* Data supplied
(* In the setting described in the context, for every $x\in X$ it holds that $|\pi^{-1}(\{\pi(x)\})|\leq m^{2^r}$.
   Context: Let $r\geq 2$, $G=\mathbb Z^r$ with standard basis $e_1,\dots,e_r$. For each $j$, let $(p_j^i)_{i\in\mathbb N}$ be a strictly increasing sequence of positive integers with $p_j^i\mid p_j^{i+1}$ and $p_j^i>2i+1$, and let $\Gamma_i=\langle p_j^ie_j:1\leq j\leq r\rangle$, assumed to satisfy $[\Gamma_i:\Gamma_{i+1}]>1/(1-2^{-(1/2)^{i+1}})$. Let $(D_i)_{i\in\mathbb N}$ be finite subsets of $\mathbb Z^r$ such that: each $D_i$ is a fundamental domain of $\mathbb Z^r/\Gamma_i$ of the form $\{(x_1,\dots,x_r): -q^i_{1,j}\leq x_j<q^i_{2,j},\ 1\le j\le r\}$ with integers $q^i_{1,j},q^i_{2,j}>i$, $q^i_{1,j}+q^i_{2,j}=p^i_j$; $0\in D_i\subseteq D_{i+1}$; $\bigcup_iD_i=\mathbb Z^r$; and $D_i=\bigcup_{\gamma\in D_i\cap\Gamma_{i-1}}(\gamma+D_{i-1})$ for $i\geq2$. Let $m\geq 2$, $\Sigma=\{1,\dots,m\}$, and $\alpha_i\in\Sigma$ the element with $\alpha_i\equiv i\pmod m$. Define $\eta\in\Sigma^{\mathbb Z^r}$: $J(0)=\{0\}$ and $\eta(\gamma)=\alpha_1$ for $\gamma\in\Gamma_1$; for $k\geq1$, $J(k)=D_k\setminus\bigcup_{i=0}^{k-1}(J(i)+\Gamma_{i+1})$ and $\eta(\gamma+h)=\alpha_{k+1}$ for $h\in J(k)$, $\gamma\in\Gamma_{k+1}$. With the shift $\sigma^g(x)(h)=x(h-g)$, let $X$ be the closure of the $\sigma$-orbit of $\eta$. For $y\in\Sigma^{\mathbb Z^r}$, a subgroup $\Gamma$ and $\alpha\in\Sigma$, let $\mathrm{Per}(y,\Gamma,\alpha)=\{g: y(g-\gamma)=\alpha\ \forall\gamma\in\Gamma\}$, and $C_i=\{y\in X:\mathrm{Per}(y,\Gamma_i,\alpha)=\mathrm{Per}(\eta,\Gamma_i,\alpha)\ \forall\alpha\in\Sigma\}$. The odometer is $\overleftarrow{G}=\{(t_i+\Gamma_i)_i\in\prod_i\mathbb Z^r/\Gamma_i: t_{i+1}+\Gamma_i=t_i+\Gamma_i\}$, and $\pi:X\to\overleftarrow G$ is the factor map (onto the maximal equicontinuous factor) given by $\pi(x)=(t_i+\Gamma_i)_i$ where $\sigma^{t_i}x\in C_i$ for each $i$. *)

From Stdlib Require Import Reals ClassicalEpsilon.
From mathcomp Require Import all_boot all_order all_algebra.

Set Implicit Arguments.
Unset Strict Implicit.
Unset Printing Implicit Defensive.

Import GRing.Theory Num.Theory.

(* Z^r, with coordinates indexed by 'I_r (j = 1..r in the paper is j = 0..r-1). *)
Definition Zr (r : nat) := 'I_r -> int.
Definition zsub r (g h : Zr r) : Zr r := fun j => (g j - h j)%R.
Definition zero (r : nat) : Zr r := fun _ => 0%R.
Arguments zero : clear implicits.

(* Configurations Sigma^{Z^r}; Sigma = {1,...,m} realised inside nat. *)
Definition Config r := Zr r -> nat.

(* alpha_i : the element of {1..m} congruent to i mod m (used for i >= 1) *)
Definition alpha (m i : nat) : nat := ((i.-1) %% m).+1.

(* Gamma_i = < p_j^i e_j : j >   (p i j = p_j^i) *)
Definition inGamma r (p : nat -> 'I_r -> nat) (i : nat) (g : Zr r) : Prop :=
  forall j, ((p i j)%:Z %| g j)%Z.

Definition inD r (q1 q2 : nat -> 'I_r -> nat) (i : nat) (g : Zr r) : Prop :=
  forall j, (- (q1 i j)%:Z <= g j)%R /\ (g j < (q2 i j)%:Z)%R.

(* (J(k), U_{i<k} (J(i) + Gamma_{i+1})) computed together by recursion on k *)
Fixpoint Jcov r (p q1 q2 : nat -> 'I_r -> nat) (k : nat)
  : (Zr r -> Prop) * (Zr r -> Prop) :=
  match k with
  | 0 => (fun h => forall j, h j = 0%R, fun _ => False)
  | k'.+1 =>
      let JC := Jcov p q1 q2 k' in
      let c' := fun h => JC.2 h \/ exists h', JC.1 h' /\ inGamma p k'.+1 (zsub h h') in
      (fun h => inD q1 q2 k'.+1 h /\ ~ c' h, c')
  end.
--
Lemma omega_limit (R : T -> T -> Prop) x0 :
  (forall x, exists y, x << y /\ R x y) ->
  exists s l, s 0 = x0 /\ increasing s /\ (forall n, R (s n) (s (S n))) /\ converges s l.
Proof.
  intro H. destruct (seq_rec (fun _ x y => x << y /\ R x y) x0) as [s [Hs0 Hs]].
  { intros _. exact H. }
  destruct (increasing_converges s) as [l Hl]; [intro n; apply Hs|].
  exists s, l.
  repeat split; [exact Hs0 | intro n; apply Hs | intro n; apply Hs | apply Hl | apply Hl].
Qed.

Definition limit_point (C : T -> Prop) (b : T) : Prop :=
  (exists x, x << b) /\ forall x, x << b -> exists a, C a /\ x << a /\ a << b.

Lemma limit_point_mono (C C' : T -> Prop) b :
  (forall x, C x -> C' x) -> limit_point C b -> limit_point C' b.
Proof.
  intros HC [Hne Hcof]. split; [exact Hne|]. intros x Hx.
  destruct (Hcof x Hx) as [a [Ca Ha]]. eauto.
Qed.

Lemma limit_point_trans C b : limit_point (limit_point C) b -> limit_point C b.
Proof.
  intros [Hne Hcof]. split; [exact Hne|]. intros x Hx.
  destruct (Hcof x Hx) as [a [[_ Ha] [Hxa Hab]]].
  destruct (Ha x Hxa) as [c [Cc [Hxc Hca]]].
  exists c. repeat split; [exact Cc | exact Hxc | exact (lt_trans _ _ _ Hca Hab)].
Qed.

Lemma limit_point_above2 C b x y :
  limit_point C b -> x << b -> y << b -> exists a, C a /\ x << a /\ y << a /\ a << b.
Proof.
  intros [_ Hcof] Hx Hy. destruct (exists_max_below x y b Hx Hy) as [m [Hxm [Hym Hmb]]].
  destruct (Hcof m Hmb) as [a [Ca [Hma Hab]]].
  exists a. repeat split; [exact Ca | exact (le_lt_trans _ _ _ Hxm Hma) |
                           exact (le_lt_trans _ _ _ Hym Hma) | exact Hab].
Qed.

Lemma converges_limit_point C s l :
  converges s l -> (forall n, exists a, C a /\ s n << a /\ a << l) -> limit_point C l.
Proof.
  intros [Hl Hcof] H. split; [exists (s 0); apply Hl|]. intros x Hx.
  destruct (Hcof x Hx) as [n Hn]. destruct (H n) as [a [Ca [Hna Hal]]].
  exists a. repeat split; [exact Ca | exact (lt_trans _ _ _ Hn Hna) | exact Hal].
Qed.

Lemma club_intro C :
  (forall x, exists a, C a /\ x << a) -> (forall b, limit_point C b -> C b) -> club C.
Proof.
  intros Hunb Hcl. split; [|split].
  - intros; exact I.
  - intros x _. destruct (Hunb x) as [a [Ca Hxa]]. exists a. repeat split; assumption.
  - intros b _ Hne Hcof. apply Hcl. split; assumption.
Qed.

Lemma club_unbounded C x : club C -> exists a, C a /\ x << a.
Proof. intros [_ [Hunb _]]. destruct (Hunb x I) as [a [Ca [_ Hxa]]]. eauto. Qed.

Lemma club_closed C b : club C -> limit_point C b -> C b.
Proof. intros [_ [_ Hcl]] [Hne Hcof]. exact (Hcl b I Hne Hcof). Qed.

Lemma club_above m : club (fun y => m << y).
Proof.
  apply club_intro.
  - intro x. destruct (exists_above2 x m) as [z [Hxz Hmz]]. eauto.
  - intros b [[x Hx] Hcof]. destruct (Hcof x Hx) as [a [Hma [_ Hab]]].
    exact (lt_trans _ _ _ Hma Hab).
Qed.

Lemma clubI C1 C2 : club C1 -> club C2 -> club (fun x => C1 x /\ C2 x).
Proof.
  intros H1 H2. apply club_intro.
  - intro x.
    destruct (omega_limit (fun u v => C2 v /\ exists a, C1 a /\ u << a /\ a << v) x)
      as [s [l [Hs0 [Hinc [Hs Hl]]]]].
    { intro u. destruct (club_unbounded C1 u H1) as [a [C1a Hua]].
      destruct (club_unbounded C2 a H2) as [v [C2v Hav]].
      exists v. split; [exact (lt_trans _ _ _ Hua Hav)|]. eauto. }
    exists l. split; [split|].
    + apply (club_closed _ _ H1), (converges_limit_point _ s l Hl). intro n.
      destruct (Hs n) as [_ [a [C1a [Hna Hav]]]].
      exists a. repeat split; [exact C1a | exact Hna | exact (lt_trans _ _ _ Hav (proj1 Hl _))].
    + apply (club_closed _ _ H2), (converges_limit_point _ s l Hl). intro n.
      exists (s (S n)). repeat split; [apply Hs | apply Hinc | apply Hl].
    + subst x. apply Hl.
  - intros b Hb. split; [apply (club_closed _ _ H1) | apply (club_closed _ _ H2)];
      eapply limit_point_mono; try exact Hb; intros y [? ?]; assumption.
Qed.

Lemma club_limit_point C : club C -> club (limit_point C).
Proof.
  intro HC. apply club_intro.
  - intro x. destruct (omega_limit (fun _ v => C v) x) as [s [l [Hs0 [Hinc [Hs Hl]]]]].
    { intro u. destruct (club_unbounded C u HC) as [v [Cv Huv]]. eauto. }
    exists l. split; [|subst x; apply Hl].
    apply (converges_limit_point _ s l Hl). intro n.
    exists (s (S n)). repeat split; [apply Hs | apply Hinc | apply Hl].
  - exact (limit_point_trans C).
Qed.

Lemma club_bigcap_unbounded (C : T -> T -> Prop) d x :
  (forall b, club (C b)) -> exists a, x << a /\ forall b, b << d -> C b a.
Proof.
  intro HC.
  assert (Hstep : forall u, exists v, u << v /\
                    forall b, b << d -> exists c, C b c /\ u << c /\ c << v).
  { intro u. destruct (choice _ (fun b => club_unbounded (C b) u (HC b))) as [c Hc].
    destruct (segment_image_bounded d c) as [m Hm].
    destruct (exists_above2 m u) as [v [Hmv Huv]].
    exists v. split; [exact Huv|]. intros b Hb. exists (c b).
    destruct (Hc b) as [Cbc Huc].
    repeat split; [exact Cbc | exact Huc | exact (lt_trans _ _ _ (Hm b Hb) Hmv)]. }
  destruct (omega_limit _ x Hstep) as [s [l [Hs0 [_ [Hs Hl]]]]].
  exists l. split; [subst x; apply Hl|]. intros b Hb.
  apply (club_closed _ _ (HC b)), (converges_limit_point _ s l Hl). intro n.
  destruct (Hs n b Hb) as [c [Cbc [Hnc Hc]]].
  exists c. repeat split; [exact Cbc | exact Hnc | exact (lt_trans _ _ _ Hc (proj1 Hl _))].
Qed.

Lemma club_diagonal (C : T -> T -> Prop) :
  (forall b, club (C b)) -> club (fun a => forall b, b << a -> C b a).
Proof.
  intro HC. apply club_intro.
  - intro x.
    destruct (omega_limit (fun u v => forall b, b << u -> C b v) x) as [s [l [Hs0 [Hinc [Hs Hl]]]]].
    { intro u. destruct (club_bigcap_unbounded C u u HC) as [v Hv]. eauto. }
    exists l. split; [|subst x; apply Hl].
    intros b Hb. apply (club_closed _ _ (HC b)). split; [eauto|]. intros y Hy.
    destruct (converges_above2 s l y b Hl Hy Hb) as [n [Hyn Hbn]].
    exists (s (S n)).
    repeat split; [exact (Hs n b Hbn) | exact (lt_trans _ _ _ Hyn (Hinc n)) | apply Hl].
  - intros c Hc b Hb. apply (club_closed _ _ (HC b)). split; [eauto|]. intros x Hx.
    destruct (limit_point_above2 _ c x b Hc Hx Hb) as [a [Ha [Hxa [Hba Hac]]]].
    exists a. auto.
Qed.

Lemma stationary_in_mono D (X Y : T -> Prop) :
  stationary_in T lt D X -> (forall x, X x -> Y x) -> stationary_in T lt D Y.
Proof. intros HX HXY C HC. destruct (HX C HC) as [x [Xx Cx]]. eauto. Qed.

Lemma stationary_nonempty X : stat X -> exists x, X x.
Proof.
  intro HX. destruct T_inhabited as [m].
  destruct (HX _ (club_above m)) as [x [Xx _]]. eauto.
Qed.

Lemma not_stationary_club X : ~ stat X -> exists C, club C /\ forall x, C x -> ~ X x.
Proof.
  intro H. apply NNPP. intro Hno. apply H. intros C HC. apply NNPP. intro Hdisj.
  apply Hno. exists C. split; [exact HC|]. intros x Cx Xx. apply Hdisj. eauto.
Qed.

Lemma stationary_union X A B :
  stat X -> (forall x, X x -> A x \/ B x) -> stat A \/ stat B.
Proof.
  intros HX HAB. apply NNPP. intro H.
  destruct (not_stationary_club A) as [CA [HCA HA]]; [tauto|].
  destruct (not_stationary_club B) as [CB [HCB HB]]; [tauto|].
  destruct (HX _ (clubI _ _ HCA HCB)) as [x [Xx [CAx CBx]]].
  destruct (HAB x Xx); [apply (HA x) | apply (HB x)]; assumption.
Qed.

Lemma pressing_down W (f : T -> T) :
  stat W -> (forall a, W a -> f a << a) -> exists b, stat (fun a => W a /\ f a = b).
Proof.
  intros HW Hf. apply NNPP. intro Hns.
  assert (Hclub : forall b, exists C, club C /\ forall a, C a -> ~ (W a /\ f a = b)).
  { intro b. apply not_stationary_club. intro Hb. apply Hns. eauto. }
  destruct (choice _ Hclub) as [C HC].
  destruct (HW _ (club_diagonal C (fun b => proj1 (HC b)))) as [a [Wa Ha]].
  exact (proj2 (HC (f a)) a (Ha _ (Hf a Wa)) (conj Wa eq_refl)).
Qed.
...
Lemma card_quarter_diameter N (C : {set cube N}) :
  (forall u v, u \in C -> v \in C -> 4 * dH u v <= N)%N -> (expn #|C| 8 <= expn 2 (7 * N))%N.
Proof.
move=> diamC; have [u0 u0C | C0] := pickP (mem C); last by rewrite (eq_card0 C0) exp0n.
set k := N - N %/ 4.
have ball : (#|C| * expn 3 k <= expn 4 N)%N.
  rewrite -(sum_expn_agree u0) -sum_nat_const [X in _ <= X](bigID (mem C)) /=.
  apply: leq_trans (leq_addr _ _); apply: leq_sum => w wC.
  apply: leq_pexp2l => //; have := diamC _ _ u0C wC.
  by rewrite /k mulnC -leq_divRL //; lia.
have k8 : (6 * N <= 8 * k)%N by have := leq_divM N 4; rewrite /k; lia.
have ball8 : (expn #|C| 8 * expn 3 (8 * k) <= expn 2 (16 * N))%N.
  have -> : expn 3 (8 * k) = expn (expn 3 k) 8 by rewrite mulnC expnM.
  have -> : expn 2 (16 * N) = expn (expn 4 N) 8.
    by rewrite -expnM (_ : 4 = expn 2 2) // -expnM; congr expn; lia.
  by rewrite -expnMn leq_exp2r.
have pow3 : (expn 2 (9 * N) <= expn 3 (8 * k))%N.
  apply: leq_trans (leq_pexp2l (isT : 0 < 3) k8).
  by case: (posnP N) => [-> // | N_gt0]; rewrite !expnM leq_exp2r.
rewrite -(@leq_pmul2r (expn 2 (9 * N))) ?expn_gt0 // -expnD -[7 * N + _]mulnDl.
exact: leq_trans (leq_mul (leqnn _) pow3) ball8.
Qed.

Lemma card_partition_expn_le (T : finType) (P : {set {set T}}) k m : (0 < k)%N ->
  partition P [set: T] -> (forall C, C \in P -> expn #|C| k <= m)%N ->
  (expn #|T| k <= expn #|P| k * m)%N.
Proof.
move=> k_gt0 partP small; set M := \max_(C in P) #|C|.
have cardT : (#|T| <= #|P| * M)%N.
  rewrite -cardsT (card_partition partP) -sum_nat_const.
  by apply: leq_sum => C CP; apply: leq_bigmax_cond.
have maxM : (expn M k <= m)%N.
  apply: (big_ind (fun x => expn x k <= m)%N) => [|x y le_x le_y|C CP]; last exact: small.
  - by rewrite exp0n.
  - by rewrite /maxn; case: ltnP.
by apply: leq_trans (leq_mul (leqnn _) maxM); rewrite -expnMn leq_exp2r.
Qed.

* Exercise
Retype exactly the span of lines from the one with "Proof. intros [_ [Hunb" through the one with "H1), (converges_limit_point _ s l Hl). intro n."; include both ends and omit the rest of the material.

* Solution to this exercise
Proof. intros [_ [Hunb _]]. destruct (Hunb x I) as [a [Ca [_ Hxa]]]. eauto. Qed.

Lemma club_closed C b : club C -> limit_point C b -> C b.
Proof. intros [_ [_ Hcl]] [Hne Hcof]. exact (Hcl b I Hne Hcof). Qed.

Lemma club_above m : club (fun y => m << y).
Proof.
  apply club_intro.
  - intro x. destruct (exists_above2 x m) as [z [Hxz Hmz]]. eauto.
  - intros b [[x Hx] Hcof]. destruct (Hcof x Hx) as [a [Hma [_ Hab]]].
    exact (lt_trans _ _ _ Hma Hab).
Qed.

Lemma clubI C1 C2 : club C1 -> club C2 -> club (fun x => C1 x /\ C2 x).
Proof.
  intros H1 H2. apply club_intro.
  - intro x.
    destruct (omega_limit (fun u v => C2 v /\ exists a, C1 a /\ u << a /\ a << v) x)
      as [s [l [Hs0 [Hinc [Hs Hl]]]]].
    { intro u. destruct (club_unbounded C1 u H1) as [a [C1a Hua]].
      destruct (club_unbounded C2 a H2) as [v [C2v Hav]].
      exists v. split; [exact (lt_trans _ _ _ Hua Hav)|]. eauto. }
    exists l. split; [split|].
    + apply (club_closed _ _ H1), (converges_limit_point _ s l Hl). intro n.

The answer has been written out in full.